__BRIEF__: Restate verbatim the span of lines below between the line with "Lemma clip_increment_affine_before w0" and the line with "w0)) by (field; lra).", including those two lines, and only that span.
━━━━
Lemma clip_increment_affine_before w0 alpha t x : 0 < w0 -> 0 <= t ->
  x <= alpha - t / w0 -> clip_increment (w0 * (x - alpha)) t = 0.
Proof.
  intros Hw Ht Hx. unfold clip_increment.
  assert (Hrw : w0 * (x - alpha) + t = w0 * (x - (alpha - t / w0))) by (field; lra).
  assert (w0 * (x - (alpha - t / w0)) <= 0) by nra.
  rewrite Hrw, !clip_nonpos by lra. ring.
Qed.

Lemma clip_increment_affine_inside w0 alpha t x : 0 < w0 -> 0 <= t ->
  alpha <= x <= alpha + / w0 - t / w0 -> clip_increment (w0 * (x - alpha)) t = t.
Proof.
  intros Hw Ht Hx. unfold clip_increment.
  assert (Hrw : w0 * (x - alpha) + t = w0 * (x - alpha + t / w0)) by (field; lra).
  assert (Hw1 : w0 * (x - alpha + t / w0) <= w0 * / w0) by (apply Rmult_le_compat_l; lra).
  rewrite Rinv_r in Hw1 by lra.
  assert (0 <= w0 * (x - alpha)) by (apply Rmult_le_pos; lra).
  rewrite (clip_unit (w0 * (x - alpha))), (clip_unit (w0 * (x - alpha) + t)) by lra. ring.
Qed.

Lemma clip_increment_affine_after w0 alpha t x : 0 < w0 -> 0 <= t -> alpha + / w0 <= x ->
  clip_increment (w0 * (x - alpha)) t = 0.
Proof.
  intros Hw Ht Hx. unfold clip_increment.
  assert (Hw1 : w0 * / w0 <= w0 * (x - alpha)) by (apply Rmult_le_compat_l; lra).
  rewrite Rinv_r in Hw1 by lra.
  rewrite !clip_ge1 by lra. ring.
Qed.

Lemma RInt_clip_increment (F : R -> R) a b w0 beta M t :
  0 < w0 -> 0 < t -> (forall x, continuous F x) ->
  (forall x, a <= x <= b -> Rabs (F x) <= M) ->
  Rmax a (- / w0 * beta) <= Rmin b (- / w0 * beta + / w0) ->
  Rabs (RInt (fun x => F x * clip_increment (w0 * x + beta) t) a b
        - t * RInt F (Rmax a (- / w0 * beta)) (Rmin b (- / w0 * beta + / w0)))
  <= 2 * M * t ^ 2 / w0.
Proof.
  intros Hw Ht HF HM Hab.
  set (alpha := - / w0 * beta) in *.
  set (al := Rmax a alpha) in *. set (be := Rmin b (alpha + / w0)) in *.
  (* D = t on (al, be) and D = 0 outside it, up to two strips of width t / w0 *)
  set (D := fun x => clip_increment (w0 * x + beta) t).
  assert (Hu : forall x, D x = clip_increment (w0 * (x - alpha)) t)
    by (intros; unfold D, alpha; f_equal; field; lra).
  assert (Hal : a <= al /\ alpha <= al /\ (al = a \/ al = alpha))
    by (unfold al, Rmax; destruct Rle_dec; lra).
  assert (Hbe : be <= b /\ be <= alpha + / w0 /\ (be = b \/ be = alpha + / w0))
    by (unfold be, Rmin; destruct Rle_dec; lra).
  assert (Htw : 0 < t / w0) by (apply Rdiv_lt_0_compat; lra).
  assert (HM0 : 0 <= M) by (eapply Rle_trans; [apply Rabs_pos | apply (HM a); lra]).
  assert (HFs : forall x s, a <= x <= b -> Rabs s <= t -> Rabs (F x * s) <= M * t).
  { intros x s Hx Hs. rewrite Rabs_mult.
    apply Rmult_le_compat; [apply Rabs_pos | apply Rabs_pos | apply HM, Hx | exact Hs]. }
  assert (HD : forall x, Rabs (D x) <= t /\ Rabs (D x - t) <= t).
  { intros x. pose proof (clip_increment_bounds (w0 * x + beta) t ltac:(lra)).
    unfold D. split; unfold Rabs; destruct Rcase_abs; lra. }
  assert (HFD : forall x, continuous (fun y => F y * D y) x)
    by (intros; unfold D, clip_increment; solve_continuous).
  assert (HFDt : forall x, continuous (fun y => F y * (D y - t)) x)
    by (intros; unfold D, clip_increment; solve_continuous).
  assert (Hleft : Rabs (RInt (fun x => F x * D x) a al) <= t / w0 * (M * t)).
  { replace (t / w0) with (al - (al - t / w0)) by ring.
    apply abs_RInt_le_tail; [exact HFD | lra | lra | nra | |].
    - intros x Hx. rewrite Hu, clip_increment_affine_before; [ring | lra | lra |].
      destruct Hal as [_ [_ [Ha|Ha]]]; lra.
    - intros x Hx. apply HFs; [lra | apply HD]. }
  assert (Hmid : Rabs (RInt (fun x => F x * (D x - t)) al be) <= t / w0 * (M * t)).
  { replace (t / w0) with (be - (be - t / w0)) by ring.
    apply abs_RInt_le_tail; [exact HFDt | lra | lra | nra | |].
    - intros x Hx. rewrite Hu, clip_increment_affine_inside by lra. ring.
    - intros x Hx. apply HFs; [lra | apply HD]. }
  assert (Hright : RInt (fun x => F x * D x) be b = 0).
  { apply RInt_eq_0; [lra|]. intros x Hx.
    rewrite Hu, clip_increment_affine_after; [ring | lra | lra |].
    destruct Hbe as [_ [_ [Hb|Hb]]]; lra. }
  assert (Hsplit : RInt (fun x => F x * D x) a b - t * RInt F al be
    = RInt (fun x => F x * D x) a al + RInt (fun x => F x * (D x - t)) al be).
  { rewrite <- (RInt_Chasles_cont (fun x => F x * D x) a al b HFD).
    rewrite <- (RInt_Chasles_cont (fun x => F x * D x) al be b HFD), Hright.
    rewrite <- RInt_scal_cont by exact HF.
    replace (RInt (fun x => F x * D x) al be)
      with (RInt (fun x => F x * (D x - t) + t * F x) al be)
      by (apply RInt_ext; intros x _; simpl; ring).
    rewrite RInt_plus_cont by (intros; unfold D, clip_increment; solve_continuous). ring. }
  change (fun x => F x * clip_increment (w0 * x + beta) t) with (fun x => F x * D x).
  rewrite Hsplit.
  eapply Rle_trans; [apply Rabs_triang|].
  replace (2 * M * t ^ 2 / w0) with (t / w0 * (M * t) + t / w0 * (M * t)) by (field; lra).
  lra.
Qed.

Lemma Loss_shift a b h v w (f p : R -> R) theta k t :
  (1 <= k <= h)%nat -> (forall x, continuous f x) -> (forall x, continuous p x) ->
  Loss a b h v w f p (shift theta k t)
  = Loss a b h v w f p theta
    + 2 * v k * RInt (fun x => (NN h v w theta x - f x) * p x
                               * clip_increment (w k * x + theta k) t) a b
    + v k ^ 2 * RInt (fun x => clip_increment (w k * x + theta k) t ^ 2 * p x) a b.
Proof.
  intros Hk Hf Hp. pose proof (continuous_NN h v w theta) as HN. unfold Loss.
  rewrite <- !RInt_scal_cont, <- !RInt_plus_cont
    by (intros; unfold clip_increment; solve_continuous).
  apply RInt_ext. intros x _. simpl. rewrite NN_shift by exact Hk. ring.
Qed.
━━━━
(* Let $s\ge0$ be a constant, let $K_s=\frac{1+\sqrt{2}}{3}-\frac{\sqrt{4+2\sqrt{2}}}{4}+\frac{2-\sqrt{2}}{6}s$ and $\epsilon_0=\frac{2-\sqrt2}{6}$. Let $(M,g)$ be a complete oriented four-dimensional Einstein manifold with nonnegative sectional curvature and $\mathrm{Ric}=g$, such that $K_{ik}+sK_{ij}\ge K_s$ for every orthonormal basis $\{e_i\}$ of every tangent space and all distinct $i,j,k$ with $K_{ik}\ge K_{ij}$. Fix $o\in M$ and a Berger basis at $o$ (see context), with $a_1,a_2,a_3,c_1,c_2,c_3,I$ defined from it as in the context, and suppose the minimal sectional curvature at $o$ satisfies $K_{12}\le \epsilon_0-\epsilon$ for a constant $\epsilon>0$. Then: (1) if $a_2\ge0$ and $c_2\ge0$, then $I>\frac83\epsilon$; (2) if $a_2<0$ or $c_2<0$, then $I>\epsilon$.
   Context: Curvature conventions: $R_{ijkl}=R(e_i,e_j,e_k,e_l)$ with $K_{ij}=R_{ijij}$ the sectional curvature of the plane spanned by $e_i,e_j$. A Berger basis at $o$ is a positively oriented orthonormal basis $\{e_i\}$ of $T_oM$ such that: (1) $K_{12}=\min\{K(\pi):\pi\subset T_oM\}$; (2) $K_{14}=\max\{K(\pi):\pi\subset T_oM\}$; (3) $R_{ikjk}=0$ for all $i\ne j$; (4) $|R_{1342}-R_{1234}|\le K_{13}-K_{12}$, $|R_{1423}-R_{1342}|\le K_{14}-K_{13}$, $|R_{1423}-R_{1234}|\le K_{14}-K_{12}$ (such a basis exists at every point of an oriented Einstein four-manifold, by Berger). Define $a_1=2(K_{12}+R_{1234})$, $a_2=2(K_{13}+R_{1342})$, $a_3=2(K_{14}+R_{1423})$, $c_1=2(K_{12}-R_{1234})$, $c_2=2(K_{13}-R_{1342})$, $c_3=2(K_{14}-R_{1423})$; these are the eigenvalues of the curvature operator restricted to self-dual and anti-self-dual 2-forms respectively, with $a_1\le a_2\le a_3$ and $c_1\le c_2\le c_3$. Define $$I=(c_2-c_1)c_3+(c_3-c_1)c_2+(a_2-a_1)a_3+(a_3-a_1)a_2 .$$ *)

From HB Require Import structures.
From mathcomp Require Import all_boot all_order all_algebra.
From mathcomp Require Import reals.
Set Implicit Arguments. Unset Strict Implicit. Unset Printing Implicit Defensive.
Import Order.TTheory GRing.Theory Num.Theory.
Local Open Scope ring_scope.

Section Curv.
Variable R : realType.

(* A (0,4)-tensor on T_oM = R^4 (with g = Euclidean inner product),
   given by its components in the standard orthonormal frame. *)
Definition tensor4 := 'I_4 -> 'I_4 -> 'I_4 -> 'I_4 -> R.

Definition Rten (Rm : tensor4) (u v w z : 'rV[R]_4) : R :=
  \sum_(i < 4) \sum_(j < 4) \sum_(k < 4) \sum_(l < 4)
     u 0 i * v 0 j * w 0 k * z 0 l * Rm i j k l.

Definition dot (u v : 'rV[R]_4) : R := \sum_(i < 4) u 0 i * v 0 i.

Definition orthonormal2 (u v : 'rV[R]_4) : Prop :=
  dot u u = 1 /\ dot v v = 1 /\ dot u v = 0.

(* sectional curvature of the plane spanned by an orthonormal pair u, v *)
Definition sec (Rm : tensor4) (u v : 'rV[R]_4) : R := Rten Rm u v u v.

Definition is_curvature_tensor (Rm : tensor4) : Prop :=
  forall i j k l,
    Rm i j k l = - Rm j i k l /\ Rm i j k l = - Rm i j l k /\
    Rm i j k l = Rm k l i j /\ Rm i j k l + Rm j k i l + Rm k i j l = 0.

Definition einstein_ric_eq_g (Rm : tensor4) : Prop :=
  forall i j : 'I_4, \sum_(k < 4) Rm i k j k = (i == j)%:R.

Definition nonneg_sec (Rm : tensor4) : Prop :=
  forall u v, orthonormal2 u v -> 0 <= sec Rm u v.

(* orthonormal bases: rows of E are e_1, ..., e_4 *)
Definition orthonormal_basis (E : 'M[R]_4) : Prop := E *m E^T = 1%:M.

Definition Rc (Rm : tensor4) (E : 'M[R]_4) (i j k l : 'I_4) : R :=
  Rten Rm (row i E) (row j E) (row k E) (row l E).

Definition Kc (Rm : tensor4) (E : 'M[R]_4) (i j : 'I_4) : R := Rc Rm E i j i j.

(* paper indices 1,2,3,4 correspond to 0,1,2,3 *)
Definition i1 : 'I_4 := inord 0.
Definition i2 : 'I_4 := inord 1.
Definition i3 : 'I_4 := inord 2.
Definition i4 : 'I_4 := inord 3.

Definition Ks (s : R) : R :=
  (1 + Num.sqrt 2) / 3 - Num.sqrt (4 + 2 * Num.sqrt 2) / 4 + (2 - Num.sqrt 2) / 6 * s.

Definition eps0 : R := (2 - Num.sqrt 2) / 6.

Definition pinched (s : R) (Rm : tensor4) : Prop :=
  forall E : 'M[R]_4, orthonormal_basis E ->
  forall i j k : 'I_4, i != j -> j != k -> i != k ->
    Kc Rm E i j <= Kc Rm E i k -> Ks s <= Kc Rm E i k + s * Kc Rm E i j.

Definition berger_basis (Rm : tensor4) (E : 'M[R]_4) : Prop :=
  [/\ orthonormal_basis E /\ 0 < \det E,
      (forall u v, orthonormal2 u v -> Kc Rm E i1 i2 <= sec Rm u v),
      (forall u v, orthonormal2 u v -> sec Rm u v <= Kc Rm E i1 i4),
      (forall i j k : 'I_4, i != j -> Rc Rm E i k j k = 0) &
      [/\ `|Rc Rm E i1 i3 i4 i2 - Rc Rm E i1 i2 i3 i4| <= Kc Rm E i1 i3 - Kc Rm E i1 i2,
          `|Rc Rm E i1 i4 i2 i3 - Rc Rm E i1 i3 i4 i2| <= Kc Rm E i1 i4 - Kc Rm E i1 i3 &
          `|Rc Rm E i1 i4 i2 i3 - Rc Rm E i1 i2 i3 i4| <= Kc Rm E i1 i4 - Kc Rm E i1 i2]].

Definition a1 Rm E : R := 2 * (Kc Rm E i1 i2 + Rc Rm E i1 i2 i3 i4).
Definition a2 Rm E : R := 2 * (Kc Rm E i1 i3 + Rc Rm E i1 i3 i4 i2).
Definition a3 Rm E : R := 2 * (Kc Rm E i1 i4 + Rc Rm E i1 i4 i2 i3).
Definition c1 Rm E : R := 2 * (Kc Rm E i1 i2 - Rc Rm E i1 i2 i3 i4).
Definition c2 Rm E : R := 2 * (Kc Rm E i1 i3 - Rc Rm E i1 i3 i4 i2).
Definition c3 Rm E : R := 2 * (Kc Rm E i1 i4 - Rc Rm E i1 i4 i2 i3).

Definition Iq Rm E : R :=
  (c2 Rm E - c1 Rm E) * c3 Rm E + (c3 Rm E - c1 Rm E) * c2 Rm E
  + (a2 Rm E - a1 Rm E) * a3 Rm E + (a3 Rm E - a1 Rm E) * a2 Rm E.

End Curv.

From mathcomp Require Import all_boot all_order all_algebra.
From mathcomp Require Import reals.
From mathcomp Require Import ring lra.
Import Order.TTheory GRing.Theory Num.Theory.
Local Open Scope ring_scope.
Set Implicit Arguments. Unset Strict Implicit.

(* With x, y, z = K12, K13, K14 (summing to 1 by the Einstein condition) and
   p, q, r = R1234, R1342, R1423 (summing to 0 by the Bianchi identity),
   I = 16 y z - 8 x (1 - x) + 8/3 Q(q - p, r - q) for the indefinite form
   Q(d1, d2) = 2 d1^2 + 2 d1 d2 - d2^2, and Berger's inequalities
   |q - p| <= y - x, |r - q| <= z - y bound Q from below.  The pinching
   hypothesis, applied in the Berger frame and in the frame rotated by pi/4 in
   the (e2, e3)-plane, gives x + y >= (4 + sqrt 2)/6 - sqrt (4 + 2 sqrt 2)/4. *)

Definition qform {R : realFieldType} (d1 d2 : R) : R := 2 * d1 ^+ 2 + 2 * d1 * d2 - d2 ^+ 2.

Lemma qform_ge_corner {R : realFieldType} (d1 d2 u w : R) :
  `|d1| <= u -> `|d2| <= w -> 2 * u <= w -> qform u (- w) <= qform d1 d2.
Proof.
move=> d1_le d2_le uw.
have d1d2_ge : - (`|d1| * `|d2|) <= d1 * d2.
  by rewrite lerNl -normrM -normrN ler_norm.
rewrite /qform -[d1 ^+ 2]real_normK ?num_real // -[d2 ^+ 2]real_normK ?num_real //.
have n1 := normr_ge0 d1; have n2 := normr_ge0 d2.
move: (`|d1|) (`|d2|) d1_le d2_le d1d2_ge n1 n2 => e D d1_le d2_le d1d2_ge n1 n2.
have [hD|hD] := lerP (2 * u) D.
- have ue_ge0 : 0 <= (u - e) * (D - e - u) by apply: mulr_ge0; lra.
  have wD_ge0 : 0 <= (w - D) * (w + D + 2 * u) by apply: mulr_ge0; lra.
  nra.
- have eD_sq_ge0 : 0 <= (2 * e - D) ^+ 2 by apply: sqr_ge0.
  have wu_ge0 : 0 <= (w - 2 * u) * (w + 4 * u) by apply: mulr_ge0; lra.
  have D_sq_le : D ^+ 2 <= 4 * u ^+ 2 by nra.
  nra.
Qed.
━━━━
__THE ANSWER__:
Lemma clip_increment_affine_before w0 alpha t x : 0 < w0 -> 0 <= t ->
  x <= alpha - t / w0 -> clip_increment (w0 * (x - alpha)) t = 0.
Proof.
  intros Hw Ht Hx. unfold clip_increment.
  assert (Hrw : w0 * (x - alpha) + t = w0 * (x - (alpha - t / w0))) by (field; lra).
  assert (w0 * (x - (alpha - t / w0)) <= 0) by nra.
  rewrite Hrw, !clip_nonpos by lra. ring.
Qed.

Lemma clip_increment_affine_inside w0 alpha t x : 0 < w0 -> 0 <= t ->
  alpha <= x <= alpha + / w0 - t / w0 -> clip_increment (w0 * (x - alpha)) t = t.
Proof.
  intros Hw Ht Hx. unfold clip_increment.
  assert (Hrw : w0 * (x - alpha) + t = w0 * (x - alpha + t / w0)) by (field; lra).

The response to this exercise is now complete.